* **INFORMATION GIVEN**
--------------------------------

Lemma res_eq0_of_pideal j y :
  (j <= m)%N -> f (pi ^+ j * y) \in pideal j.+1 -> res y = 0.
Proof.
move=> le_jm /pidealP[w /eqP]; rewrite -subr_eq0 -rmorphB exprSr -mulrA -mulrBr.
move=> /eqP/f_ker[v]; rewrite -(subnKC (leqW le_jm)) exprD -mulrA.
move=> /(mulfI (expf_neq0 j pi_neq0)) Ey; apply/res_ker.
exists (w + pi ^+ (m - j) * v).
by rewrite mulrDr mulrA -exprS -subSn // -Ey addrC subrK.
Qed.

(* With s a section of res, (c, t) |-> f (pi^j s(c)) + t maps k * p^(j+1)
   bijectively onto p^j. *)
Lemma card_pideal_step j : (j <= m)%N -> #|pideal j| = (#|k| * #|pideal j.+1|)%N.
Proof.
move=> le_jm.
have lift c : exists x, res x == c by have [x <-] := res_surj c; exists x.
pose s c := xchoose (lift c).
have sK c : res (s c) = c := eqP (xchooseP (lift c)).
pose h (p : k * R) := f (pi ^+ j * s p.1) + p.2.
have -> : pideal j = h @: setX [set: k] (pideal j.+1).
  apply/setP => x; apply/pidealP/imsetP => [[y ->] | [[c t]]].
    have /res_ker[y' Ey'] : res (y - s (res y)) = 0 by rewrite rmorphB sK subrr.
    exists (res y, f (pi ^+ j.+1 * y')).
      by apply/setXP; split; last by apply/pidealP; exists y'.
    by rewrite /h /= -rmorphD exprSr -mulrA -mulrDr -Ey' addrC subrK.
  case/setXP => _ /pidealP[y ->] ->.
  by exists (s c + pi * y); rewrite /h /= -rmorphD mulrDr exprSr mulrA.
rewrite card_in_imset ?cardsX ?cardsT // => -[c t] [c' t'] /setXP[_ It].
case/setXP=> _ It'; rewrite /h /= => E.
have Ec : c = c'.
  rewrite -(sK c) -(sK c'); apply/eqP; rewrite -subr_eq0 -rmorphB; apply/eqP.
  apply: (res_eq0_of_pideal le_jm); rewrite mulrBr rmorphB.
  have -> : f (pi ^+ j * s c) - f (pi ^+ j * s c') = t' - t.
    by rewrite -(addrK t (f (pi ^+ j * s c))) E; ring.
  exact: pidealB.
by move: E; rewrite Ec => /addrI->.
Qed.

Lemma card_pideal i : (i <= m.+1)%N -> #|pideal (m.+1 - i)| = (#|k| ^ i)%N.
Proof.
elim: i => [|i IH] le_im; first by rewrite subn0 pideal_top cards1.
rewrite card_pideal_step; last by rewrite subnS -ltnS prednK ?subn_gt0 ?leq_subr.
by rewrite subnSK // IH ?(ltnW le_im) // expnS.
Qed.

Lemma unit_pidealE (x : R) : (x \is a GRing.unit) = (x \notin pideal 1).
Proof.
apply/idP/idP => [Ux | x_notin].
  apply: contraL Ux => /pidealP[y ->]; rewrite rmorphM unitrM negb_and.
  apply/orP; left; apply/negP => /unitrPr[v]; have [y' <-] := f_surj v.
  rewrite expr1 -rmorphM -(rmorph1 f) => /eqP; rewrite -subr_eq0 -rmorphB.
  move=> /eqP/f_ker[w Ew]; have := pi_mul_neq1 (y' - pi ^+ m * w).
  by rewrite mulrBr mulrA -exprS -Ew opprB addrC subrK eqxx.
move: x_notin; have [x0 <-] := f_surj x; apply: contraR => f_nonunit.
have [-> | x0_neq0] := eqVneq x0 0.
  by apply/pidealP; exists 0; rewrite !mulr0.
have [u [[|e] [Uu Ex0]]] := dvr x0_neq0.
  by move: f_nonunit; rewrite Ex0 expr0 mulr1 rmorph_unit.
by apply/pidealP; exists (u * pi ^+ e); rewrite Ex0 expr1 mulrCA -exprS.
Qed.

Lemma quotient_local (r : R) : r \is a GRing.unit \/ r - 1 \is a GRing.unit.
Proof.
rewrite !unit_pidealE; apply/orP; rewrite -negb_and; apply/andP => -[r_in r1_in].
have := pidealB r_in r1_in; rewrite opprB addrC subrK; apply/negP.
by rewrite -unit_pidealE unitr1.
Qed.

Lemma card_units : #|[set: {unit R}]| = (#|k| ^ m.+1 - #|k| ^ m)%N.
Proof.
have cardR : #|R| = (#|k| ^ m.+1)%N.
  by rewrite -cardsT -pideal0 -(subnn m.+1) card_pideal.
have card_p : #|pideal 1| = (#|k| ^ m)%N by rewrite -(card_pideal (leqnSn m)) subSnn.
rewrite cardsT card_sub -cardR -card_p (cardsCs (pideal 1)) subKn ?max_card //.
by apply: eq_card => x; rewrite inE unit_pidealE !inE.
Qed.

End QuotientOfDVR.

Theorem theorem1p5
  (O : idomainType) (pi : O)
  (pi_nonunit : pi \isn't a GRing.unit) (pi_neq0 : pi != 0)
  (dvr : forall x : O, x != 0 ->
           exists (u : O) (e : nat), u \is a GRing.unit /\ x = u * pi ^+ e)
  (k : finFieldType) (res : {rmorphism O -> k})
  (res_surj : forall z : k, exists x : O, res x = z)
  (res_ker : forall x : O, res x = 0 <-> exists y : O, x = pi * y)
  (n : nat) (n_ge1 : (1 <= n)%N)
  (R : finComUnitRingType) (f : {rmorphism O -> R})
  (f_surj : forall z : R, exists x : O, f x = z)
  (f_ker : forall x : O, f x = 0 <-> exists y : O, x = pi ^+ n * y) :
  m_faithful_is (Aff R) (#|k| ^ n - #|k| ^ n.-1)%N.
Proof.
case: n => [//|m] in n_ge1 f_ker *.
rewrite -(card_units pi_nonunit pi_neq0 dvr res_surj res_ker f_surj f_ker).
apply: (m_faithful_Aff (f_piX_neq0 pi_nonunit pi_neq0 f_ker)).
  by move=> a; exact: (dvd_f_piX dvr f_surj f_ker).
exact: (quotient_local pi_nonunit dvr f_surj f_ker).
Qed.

--------------------------------

* **PROBLEM**
Where does "subrK" occur in the data? Copy each line that has it.

* **RESULT OF THE TASK**
by rewrite mulrDr mulrA -exprS -subSn // -Ey addrC subrK.
    by rewrite /h /= -rmorphD exprSr -mulrA -mulrDr -Ey' addrC subrK.
  by rewrite mulrBr mulrA -exprS -Ew opprB addrC subrK eqxx.
have := pidealB r_in r1_in; rewrite opprB addrC subrK; apply/negP.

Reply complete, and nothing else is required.